Social Isolation and Loneliness is a Business Issue
by Norman Winegar, on Feb 23, 2021 3:35:06 PM
A friend recently joked with me that she sometimes she feels so isolated these days that she actually looks forward to talking with telephone solicitors. She’s just resisting giving them her social security number or taking that once in a lifetime opportunity to buy the next can’t miss stock at rock bottom prices! She is among the 40% of employed people who have been working from home for a year.
My friend is lightheartedly addressing one the fundamental need of humans- connectedness. And she is addressing the problem of social isolation- the deficit in the frequency, number, and quality of contacts with family, friends, and our communities. It negatively affects our mental health and wellbeing. It makes difficult times much worse. It’s been a growing problem in modern society (despite of social media) that has been made worse and more common by the disruption caused by the coronavirus pandemic. The pandemic is highlighting social isolation as one of many aspects of the Social Determinants of Health (SDOH). SDOH are the conditions in environments where people are born, live, learn, play, work, worship, and age. These social conditions influence a wide range of health risks, health costs, and quality of life.

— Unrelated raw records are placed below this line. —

Lemma count_full_le n : (count_full D Di n <= n)%N.
Proof.
elim: n => [|n IH]; first by rewrite count_fullE big_nat1.
by rewrite count_fullS; case: (_ == _) => /=; lia.
Qed.

End count_full.

Section digit_sums.
Variables (b : nat) (Di : nat -> {fset int}).

Definition digit_sum (d : nat -> int) (k : nat) : int :=
  \sum_(1 <= i < k.+1) (b ^ (i - 1))%:Z * d i.

Fixpoint digit_sums (k : nat) : seq int :=
  if k is k'.+1 then [seq p + (b ^ k')%:Z * e | p <- digit_sums k', e <- enum_fset (Di k)]
  else [:: 0].

Lemma digit_sumS d k : digit_sum d k.+1 = digit_sum d k + (b ^ k)%:Z * d k.+1.
Proof. by rewrite /digit_sum big_nat_recr //= subn1. Qed.

Lemma digit_sumsP k p : p \in digit_sums k <->
  exists d, (forall i, (1 <= i <= k)%N -> d i \in Di i) /\ p = digit_sum d k.
Proof.
elim: k p => [|k IH] p /=.
  rewrite inE; split=> [/eqP ->|[d [_ ->]]]; last by rewrite /digit_sum big_geq.
  by exists (fun=> 0); split=> [i|]; [lia | rewrite /digit_sum big_geq].
split=> [/allpairsP [[p' e] /= [/IH [d [Hd ->]] He ->]] | [d [Hd ->]]].
  exists (fun i => if i == k.+1 then e else d i); split.
    by move=> i /andP[i1 ik]; case: eqP => [-> //|/eqP ne]; apply: Hd; lia.
  rewrite digit_sumS eqxx; congr (_ + _); apply: eq_big_nat => i /andP[_ ik].
  by rewrite ifF //; apply/eqP; lia.
rewrite digit_sumS; apply: (allpairs_f (fun p e => p + (b ^ k)%:Z * e)).
  by apply/IH; exists d; split=> // i ik; apply: Hd; lia.
by apply: Hd; rewrite /= leqnn.
Qed.

End digit_sums.

Section Lambda_counting.
Variables (b : nat) (D : {fset int}) (Di : nat -> {fset int}).
Hypothesis hb : (2 <= b)%N.
Hypothesis hD : forall d, d \in D -> (- (b %/ 2)%:Z <= d) && (d <= (b - 1)%:Z - (b %/ 2)%:Z).
Hypothesis hDi : forall i, (1 <= i)%N -> Di i = D \/ Di i = [fset (0 : int)]%fset.

Local Notation u := (b %/ 2)%:Z.

Let half_le_pred : (b %/ 2 <= b - 1)%N. Proof. lia. Qed.

Lemma size_digit_sums k : size (digit_sums b Di k) = (#|` D| ^ count_full D Di k)%N.
Proof.
elim: k => [|k IH] /=; first by rewrite count_fullE big_nat1.
rewrite size_allpairs IH count_fullS -/(#|` Di k.+1|%fset).
case: (hDi (ltn0Sn k)) => ->; first by rewrite eqxx addn1 expnS mulnC.
rewrite cardfs1 muln1; case: eqP => [<-|_]; last by rewrite addn0.
by rewrite cardfs1 !exp1n.
Qed.

Lemma digit_window i d : (1 <= i)%N -> d \in Di i -> - u <= d <= (b - 1)%:Z - u.
Proof.
move=> i1; case: (hDi i1) => -> hd; first exact: hD.
by move: hd half_le_pred; rewrite inE => /eqP ->; lia.
Qed.

Lemma digit_sums_window k p : p \in digit_sums b Di k ->
  - u * ((b ^ k)%:Z - 1) <= (b - 1)%:Z * p <= ((b - 1)%:Z - u) * ((b ^ k)%:Z - 1).
Proof.
elim: k p => [|k IH] p /=.
  by rewrite inE => /eqP ->; rewrite expn0 subrr !mulr0 lexx.
case/allpairsP => -[p' e] /= [/IH hp' /(digit_window (ltn0Sn k)) he ->].
have : (1 <= b ^ k)%N by rewrite expn_gt0; lia.
move: hp' he half_le_pred; rewrite expnS PoszM; move: (b ^ k)%N (b %/ 2)%N => B U; nia.
Qed.

Lemma digit_sums_abs_lt k p : p \in digit_sums b Di k -> `|p| < (b ^ k)%:Z.
Proof.
move=> /digit_sums_window; move: half_le_pred.
rewrite ltr_norml; move: (b ^ k)%N (b %/ 2)%N => B U; nia.
Qed.

Lemma digit_sums_dist_lt k p p' : p \in digit_sums b Di k -> p' \in digit_sums b Di k ->
  `|p - p'| < (b ^ k)%:Z.
Proof.
move=> /digit_sums_window hp /digit_sums_window hp'.
rewrite ltr_norml; move: hp hp' half_le_pred; move: (b ^ k)%N (b %/ 2)%N => B U; nia.
Qed.

Lemma uniq_digit_sums k : uniq (digit_sums b Di k).
Proof.
elim: k => [|k IH] //=; apply: allpairs_uniq => //; first exact: fset_uniq.
move=> [p e] [p' e'] /allpairsP [[p1 e1] /= [h1 _ [-> ->]]].
move=> /allpairsP [[p2 e2] /= [h2 _ [-> ->]]] /= E.
have B0 : (0 < b ^ k)%N by rewrite expn_gt0; lia.
have := digit_sums_dist_lt h1 h2.
have -> : p1 - p2 = (b ^ k)%:Z * (e2 - e1) by rewrite mulrBr; lia.
move: (b ^ k)%N B0 => B B0 lt_B.
suff e12 : e1 = e2 by move: E; rewrite e12 => /addIr ->.
nia.
Qed.

Definition short_sums m := flatten [seq digit_sums b Di j | j <- iota 0 m.+1].

Hypothesis hD0 : D != fset0.

Lemma size_short_sums m : (size (short_sums m) <= m.+1 * #|` D| ^ count_full D Di m)%N.
Proof.
rewrite /short_sums size_flatten /shape -map_comp sumnE big_map -/(index_iota 0 m.+1).
rewrite -[X in (_ <= X * _)%N](subn0 m.+1) -sum_nat_const_nat big_seq_cond.
rewrite [X in (_ <= X)%N]big_seq_cond; apply: leq_sum => j.
rewrite mem_index_iota andbT => /andP[_ jm] /=.
rewrite size_digit_sums leq_pexp2l ?lt0n ?cardfs_eq0 //.
by apply: leq_count_full; lia.
Qed.

Lemma digit_sum_split m k d : (forall i, (1 <= i <= k)%N -> d i \in Di i) ->
  exists a q, a \in short_sums m /\ digit_sum b d k = a + (b ^ m)%:Z * q.
Proof.
move=> Hd; have [km|mk] := leqP k m.
  exists (digit_sum b d k), 0; rewrite mulr0 addr0; split => //.
  apply/flatten_mapP; exists k; first by rewrite mem_iota; lia.
  by apply/digit_sumsP; exists d.
exists (digit_sum b d m), (\sum_(m.+1 <= i < k.+1) (b ^ (i - 1 - m))%:Z * d i); split.
  apply/flatten_mapP; exists m; first by rewrite mem_iota; lia.
  by apply/digit_sumsP; exists d; split=> // i im; apply: Hd; lia.
rewrite /digit_sum (big_cat_nat (n := m.+1)) //; last by lia.
congr (_ + _); rewrite mulr_sumr; apply: eq_big_nat => i im.
by rewrite mulrA -PoszM -expnD; congr ((b ^ _)%:Z * _); lia.
Qed.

Mental health professionals have long understood the important of the environment in supporting or detracting from people’s wellbeing and the achievement of their potential. More recently awareness of the vital role of SDOH has gained traction in the larger healthcare community and that knowledge is affecting governmental policies and public health planning. But improving peoples’ environment is a complex challenge even in the best of times. Then come COVID-19.
Even before the pandemic, social isolation was widely known to negatively affect the health and wellbeing of vulnerable groups. Think older people. Or of course, professional drivers who spend days and weeks on the road and away from their families and communities to supply us with food, fuel, and most consumer goods. Since the pandemic social isolation has affected many more people. Many of them now have a greater appreciation of the stresses professional drivers experience day-in, day-out.
The stress of social isolation might make the expectable challenges bigger ones for the most well-resourced of us. For others, who are not so fortunate, it can make such challenges much more daunting or even insurmountable. For example, millions of people live with and manage some type of mental health condition. Millions more are misusing alcohol or other drugs, or who are in recovery and pursuing a new, drug-free lifestyle. Or the 20% of parents who have special needs children. Or the millions of people who at any time are experiencing job loss, divorce, family problems, the loss of a loved one, or are having relationship difficulties. All of these people experience enormous daily challenges on top of whatever else life has in store. Social isolation makes their challenges even greater.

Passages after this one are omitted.